SnowballAnnotator needs refactoring

    Details

      Description

      SnowballAnnotator is extending the deprecated JTextAnnotator_ImplBase, have some unused imports and generics should be enabled.
      Moreover the initialize() method fails due to the AnnotatorContext object being null when run in a 2.3.1-SNAPSHOT distribution.

      1. SnowballAnnotatorPatch2.txt
        19 kB
        Marshall Schor
      2. UIMA1861-patch.txt
        9 kB
        Tommaso Teofili

        Activity

        Tommaso Teofili created issue -
        Tommaso Teofili made changes -
        Field Original Value New Value
        Attachment UIMA1861-patch.txt [ 12453350 ]
        Hide
        Marshall Schor added a comment -

        Thanks for the fixes/patch. Here are a few suggested changes, to take advantage of JCas better. (I've attached this version as patch2 above)

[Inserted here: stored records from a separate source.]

(* Let $\Omega\subseteq\mathbb R^N$ be a bounded open set and $\alpha\in(0,1)$. For every sequence $(u_i)\subseteq\mathcal X^\alpha(\Omega)$ with $\sup_i\|u_i\|_{\mathcal X^\alpha(\Omega)}<\infty$ there exist $u\in\mathcal X^\alpha(\Omega)$ and a subsequence $(u_{i_j})$ such that $\|u_{i_j}-u\|_{\mathcal Y(\Omega)}\to0$ as $j\to\infty$, i.e. $\|u_{i_j}-u\|^{(1)}_{\mathcal L^1(\Omega)}+\|u_{i_j}-u\|_{L^\infty(\Omega)}\to0$. In particular the inclusion $\mathcal X^\alpha(\Omega)\hookrightarrow\mathcal Y(\Omega)$ is compact.
   Context: $\ell(\rho):=|\ln(\min\{\rho,1/10\})|^{-1}$ ($\rho>0$), $\ell(0):=0$. $d(x):=\operatorname{dist}(x,\partial\Omega)$, $d(x,y):=\min(d(x),d(y))$. For $\alpha,\beta\ge0$ and $u:\Omega\to\mathbb R$: $[u]_{\mathcal L^\alpha(\Omega)}:=\sup_{x\ne y\in\Omega}\frac{|u(x)-u(y)|}{\ell^\alpha(|x-y|)}$, $[u]^{(\beta)}_{\mathcal L^\alpha(\Omega)}:=\sup_{x\neq y\in\Omega}\ell^{\alpha+\beta}(d(x,y))\frac{|u(x)-u(y)|}{\ell^\alpha(|x-y|)}$, $\|u\|^{(\beta)}_{\mathcal L^\alpha(\Omega)}:=\sup_{x\in\Omega}\ell^\beta(d(x))|u(x)|+[u]^{(\beta)}_{\mathcal L^\alpha(\Omega)}$. $\mathcal X^\alpha(\Omega)$ is the space of $u:\mathbb R^N\to\mathbb R$ with $u=0$ in $\mathbb R^N\setminus\Omega$ and $\|u\|_{\mathcal X^\alpha(\Omega)}:=\|u\|^{(0)}_{\mathcal L^{1+\alpha}(\Omega)}+[u]_{\mathcal L^\alpha(\mathbb R^N)}<\infty$; $\mathcal Y(\Omega)$ is the space of $f:\Omega\to\mathbb R$ with $\|f\|_{\mathcal Y(\Omega)}:=\|f\|^{(1)}_{\mathcal L^1(\Omega)}+\|f\|_{L^\infty(\Omega)}<\infty$. *)

From HB Require Import structures.
From mathcomp Require Import all_boot all_order all_algebra.
From mathcomp Require Import all_classical all_reals all_analysis.
Set Implicit Arguments. Unset Strict Implicit. Unset Printing Implicit Defensive.
Import Order.TTheory GRing.Theory Num.Theory.
Import numFieldNormedType.Exports.
Local Open Scope classical_set_scope.
Local Open Scope ring_scope.

Section Defs.
Variable R : realType.
Variable N : nat.
Notation V := 'rV[R]_N.

Definition enorm (x : V) : R := Num.sqrt (\sum_(i < N) (x ord0 i) ^+ 2).

Definition ell (rho : R) : R :=
  if rho <= 0 then 0 else (`| ln (Num.min rho (10%:R)^-1) |)^-1.

(* d(x) = dist(x, boundary of Omega); for x in Omega (open) this is the
   distance to the complement of Omega. *)
Definition dist_bd (Om : set V) (x : V) : R :=
  inf [set enorm (x - y) | y in ~` Om].

Definition dist_bd2 (Om : set V) (x y : V) : R :=
  Num.min (dist_bd Om x) (dist_bd Om y).

(* supremum of a set of nonnegative extended reals; the empty sup is 0 *)
Definition nsup (S : set (\bar R)) : \bar R := ereal_sup ([set 0%E] `|` S).

Definition dpairs (A : set V) : set (V * V) :=
  [set xy | A xy.1 /\ A xy.2 /\ xy.1 <> xy.2].

Definition semiL (A : set V) (a : R) (u : V -> R) : \bar R :=
  nsup [set ((`|u xy.1 - u xy.2| / (ell (enorm (xy.1 - xy.2)) `^ a))%:E)
       | xy in dpairs A].

Definition wsemiL (Om : set V) (a b : R) (u : V -> R) : \bar R :=
  nsup [set ((ell (dist_bd2 Om xy.1 xy.2) `^ (a + b)) * `|u xy.1 - u xy.2|
              / (ell (enorm (xy.1 - xy.2)) `^ a))%:E
       | xy in dpairs Om].

Definition wnormL (Om : set V) (a b : R) (u : V -> R) : \bar R :=
  (nsup [set ((ell (dist_bd Om x) `^ b) * `|u x|)%:E | x in Om]
   + wsemiL Om a b u)%E.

        1) Although this annotator is set up as a JCas annotator, it is missing the JCas type for TokenAnnotation. Because of this, it goes to some lengths to not make use of this type where it could be useful. To add the JCas cover types for this is easy: open the desc/SnowballAnnotator.xml descriptor in the Component Descriptor editor in Eclipse, click the typesystem page, and push the JCasGen button. This will generate the missing classes for the types and add them to the project.

        If the TokenAnnotation JCas type was available, the lines:

        (original)
        // iterate over all token annotations and add stem if available
        FSIterator tokenIterator = aJCas.getCas().getAnnotationIndex(this.tokenAnnotation).iterator();

        (with patch)

        // iterate over all token annotations and add stem if available
        FSIterator tokenIterator = aJCas.getAnnotationIndex(this.tokenAnnotation).iterator();
        // note: causes a warning leading to a suppress warnings, related to generics

        could be written
        // iterate over all token annotations and add stem if available
        FSIterator<TokenAnnotation> tokenIterator = (FSIterator<TokenAnnotation>)(FSIterator<?>) // very ugly "double-fisted cast"
        aJCas.getAnnotationIndex(TokenAnnotation.type).iterator();

        and the code in the bottom method (typeSystemInit) would not be needed. The "double-fisted cast" is described here http://markmail.org/message/w5kpympalj6tvqq3.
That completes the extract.